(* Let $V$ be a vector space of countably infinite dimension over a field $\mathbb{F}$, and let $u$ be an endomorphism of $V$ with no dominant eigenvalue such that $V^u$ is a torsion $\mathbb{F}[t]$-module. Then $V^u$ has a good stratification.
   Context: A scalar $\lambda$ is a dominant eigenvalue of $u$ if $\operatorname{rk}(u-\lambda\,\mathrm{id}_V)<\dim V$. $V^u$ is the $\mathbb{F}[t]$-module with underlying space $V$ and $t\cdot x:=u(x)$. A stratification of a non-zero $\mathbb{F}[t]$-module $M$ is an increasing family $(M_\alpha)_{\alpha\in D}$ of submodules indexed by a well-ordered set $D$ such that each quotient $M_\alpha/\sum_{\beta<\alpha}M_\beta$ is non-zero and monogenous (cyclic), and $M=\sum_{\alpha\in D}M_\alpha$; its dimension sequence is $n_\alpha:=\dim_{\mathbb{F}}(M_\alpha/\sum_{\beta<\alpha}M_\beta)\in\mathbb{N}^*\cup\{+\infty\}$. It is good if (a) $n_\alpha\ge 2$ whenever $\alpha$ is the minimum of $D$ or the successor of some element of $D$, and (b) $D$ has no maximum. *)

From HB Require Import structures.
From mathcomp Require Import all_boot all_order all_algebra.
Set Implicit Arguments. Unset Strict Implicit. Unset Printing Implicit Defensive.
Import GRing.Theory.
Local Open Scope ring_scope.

§ §

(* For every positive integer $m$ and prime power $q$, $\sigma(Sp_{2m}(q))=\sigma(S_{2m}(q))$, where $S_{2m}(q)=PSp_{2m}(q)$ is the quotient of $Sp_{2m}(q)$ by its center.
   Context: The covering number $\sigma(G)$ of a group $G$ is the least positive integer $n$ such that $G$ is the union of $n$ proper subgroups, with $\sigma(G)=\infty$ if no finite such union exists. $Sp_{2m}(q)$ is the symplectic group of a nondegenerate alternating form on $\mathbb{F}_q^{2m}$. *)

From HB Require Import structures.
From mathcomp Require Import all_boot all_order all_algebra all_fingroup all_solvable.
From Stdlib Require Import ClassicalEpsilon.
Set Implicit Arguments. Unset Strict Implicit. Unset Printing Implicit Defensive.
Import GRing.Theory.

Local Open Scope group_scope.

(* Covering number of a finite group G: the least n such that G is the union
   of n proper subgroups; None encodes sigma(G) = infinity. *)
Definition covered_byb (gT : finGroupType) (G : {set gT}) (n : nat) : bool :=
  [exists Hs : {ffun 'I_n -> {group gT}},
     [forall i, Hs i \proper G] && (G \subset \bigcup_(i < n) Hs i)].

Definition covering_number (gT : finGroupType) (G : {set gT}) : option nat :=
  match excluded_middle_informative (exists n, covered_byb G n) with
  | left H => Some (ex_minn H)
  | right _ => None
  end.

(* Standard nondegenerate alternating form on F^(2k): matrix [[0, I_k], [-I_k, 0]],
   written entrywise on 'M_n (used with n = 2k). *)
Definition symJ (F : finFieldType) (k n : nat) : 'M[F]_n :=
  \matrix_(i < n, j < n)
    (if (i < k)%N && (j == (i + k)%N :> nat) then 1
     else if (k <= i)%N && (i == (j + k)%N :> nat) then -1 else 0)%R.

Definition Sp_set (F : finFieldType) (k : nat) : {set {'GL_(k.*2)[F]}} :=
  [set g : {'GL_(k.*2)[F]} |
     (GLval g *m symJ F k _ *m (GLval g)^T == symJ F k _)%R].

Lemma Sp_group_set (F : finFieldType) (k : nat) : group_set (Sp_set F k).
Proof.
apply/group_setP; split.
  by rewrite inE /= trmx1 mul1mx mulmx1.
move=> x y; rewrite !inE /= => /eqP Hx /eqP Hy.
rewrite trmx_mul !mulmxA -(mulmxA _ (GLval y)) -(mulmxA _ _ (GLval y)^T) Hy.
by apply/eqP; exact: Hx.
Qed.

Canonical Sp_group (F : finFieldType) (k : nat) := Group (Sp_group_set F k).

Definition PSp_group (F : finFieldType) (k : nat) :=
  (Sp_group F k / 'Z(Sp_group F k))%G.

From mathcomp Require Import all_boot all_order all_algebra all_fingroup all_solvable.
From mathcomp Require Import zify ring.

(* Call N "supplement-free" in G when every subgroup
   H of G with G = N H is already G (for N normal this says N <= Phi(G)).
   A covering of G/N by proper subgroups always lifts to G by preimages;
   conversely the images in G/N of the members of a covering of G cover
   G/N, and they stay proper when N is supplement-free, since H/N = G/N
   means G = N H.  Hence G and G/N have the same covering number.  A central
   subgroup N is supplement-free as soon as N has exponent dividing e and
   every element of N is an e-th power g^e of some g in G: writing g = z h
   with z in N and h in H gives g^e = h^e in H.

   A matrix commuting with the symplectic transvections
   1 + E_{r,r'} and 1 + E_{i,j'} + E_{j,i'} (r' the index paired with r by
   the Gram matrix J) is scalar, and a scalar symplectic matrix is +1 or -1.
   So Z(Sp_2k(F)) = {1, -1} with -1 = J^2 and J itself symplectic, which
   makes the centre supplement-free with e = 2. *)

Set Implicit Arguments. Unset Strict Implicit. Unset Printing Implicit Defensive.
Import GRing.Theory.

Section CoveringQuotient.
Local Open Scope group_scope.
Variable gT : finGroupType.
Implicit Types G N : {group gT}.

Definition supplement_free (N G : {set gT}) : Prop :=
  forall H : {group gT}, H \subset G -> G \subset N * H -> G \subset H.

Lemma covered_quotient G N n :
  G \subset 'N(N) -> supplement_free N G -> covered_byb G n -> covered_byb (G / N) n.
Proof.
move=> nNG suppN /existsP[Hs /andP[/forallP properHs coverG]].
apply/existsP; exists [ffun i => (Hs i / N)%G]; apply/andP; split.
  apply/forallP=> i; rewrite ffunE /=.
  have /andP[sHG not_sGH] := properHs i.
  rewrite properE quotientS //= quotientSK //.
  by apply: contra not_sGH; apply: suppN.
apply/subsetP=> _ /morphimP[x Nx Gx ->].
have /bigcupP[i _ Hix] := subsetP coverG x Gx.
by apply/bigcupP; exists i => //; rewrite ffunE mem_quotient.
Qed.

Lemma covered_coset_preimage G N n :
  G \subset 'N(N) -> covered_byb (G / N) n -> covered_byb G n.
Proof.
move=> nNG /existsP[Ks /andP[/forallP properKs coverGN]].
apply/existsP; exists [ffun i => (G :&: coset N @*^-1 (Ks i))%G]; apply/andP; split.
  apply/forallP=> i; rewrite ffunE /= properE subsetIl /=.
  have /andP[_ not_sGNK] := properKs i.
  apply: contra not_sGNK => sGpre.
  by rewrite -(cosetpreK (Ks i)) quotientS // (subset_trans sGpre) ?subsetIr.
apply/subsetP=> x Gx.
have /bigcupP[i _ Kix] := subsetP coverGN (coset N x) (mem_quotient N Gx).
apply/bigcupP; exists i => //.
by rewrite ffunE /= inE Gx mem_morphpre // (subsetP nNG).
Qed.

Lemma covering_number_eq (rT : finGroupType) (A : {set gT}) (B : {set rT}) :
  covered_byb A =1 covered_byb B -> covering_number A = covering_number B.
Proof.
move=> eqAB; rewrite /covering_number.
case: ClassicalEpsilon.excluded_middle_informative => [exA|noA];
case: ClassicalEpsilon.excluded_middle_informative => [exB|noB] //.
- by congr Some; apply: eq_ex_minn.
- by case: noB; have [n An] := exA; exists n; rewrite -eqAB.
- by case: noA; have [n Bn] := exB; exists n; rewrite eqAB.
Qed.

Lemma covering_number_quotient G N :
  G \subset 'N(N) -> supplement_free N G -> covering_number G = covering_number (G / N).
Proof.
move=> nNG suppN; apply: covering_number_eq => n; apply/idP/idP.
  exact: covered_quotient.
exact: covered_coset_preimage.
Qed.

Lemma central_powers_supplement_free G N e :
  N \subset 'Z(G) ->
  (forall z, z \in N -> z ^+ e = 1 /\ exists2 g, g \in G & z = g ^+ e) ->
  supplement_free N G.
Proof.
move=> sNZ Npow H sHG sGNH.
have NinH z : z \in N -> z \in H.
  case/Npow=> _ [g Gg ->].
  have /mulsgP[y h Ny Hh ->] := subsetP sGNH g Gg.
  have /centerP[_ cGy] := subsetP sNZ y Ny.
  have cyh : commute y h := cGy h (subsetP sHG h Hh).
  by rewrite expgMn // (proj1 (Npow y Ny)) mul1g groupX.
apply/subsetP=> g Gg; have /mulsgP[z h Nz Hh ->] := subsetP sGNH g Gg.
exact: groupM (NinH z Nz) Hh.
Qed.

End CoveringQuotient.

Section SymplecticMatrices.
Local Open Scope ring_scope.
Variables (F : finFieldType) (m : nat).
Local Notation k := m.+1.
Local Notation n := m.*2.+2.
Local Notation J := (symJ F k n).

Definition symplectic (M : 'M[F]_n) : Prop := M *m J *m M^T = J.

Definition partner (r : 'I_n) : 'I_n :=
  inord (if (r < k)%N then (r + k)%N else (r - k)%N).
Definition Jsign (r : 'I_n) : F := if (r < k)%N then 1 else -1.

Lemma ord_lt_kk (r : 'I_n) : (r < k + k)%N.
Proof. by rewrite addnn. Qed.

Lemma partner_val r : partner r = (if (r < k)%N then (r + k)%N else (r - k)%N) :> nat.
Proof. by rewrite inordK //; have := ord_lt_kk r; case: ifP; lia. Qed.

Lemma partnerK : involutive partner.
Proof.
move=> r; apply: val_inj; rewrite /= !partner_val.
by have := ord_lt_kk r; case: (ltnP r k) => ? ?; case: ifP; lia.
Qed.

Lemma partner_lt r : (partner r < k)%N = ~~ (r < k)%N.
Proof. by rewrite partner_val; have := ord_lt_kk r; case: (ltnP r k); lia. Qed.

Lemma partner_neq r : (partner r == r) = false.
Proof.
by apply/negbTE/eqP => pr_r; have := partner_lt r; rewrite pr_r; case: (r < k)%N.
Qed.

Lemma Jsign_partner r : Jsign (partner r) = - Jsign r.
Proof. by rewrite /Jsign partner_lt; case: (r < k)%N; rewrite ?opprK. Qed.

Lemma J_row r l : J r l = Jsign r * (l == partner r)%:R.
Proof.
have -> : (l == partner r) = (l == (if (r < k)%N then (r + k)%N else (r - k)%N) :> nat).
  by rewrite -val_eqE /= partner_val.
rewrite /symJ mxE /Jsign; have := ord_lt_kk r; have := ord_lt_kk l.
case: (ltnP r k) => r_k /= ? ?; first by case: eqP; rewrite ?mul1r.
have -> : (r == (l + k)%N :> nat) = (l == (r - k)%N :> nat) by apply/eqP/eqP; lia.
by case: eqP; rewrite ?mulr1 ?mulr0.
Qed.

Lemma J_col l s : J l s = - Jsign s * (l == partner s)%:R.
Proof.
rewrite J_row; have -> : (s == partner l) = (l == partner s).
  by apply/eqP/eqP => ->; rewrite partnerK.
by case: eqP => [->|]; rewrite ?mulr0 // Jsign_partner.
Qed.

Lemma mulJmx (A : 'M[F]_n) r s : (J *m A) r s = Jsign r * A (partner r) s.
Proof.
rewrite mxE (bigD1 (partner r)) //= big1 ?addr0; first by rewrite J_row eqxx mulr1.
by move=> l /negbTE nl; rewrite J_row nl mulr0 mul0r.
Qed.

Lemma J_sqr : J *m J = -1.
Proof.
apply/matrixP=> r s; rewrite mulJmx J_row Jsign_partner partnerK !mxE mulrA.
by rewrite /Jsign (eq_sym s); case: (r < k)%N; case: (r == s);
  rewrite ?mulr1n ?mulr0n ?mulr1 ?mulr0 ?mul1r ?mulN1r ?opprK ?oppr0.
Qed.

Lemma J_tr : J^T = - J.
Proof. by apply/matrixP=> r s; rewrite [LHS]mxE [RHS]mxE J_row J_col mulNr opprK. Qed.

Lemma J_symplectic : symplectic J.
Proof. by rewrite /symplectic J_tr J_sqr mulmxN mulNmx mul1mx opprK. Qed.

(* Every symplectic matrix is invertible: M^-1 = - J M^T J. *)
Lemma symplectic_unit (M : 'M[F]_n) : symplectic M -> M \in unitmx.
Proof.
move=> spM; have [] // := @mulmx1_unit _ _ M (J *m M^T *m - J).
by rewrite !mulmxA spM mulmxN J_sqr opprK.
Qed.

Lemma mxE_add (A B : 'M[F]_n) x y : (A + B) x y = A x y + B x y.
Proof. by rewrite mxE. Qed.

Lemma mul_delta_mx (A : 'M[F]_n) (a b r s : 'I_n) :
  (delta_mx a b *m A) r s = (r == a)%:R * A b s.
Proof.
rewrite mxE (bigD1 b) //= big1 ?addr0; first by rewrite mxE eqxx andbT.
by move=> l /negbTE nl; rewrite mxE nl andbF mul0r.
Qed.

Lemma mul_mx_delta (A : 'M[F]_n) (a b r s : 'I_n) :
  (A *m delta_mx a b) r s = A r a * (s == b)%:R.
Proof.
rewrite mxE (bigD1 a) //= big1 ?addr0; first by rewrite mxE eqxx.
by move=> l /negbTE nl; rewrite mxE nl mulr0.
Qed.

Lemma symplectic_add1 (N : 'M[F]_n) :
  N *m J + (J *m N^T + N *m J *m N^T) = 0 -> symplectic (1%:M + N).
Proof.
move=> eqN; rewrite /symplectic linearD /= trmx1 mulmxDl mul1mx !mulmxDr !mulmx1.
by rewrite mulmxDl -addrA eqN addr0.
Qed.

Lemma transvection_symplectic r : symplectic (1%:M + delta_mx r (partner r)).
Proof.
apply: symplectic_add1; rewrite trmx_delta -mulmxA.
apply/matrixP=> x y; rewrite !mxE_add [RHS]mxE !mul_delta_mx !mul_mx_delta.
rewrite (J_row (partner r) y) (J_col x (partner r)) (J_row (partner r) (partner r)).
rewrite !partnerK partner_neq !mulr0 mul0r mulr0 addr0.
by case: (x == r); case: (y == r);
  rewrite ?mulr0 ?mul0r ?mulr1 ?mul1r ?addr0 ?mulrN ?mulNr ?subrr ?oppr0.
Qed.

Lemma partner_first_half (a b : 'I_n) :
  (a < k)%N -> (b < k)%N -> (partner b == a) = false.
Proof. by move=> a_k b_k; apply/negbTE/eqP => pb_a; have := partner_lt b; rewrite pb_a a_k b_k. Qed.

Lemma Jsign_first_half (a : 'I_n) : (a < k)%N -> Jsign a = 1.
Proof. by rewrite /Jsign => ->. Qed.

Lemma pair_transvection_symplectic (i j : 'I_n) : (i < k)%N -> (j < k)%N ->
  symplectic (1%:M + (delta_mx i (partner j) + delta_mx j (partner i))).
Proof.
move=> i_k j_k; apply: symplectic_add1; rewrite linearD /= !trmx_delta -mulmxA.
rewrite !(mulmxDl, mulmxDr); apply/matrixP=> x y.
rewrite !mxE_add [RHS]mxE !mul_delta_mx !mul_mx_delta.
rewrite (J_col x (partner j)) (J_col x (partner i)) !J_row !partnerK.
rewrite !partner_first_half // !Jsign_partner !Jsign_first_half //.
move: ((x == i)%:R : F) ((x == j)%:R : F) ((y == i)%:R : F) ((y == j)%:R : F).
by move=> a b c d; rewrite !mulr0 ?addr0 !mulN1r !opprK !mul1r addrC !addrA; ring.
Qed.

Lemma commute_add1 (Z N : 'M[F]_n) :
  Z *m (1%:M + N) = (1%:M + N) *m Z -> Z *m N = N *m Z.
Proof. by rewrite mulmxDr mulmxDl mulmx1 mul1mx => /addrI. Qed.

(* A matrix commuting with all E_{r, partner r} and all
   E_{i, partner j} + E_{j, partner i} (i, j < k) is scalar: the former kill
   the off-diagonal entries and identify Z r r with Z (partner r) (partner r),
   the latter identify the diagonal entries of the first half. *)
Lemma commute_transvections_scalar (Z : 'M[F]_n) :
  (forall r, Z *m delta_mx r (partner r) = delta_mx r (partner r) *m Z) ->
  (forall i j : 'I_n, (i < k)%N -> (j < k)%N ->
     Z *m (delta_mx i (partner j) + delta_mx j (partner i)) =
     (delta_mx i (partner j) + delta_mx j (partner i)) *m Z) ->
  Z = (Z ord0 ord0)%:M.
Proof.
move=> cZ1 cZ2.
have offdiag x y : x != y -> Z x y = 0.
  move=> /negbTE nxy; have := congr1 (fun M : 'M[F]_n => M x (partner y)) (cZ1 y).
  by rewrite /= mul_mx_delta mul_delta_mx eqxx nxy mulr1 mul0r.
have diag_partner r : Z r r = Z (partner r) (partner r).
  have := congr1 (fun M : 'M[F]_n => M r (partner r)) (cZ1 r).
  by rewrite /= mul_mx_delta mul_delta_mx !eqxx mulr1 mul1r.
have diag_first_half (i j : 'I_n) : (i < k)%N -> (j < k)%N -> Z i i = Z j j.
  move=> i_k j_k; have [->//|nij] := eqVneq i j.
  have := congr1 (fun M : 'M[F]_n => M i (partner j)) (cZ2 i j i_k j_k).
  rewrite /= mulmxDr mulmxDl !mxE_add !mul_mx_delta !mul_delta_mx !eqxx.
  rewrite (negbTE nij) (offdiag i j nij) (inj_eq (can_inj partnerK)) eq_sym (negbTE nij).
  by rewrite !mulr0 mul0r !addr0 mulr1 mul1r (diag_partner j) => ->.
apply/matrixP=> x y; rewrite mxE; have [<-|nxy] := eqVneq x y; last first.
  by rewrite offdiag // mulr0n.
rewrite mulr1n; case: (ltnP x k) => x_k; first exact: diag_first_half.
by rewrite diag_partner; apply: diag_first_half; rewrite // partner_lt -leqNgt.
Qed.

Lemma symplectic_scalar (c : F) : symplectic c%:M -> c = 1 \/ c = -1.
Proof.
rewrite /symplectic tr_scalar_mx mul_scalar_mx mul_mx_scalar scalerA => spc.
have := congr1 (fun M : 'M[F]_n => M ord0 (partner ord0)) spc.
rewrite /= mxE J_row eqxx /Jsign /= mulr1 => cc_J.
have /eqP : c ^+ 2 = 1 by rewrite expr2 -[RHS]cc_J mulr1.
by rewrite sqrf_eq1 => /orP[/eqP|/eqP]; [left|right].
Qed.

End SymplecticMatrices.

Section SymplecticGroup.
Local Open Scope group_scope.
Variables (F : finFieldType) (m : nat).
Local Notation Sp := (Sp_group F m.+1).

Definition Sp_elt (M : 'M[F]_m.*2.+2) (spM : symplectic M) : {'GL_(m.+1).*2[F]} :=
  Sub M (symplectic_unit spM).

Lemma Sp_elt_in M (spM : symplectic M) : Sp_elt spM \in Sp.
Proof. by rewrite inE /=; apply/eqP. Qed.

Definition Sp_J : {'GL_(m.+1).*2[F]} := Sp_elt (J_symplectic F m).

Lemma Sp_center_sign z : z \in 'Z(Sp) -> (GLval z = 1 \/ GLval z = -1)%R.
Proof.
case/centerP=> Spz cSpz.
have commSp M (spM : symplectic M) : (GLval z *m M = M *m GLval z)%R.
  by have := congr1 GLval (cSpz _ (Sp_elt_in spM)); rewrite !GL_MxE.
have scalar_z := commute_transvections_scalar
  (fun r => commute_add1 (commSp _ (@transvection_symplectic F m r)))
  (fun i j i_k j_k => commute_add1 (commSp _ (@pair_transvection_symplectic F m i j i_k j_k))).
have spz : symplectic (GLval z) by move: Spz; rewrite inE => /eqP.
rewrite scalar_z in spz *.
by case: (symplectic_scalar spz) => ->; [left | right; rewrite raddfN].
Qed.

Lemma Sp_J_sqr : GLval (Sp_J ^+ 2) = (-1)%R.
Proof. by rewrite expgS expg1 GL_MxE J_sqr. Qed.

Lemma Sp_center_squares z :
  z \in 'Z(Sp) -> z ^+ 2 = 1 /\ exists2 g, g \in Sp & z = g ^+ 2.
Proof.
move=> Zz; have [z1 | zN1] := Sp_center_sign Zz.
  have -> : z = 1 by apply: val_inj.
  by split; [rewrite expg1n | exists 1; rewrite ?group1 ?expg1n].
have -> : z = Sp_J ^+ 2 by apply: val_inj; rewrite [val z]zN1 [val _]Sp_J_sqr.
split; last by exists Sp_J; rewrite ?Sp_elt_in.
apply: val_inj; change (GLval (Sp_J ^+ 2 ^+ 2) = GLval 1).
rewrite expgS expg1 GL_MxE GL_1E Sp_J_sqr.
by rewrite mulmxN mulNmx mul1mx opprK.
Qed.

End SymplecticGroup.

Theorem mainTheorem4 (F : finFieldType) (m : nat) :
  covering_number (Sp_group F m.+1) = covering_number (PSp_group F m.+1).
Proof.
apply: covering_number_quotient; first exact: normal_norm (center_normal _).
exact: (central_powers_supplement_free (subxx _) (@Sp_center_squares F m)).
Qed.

§ §

*What to produce*
Please give again the lines above between the line holding "Z *m (delta_mx" and the line holding "by rewrite /= mul_mx_delta mul_delta_mx !eqxx", inclusive, exactly as they are and with nothing added.

*Result below*
     Z *m (delta_mx i (partner j) + delta_mx j (partner i)) =
     (delta_mx i (partner j) + delta_mx j (partner i)) *m Z) ->
  Z = (Z ord0 ord0)%:M.
Proof.
move=> cZ1 cZ2.
have offdiag x y : x != y -> Z x y = 0.
  move=> /negbTE nxy; have := congr1 (fun M : 'M[F]_n => M x (partner y)) (cZ1 y).
  by rewrite /= mul_mx_delta mul_delta_mx eqxx nxy mulr1 mul0r.
have diag_partner r : Z r r = Z (partner r) (partner r).
  have := congr1 (fun M : 'M[F]_n => M r (partner r)) (cZ1 r).
  by rewrite /= mul_mx_delta mul_delta_mx !eqxx mulr1 mul1r.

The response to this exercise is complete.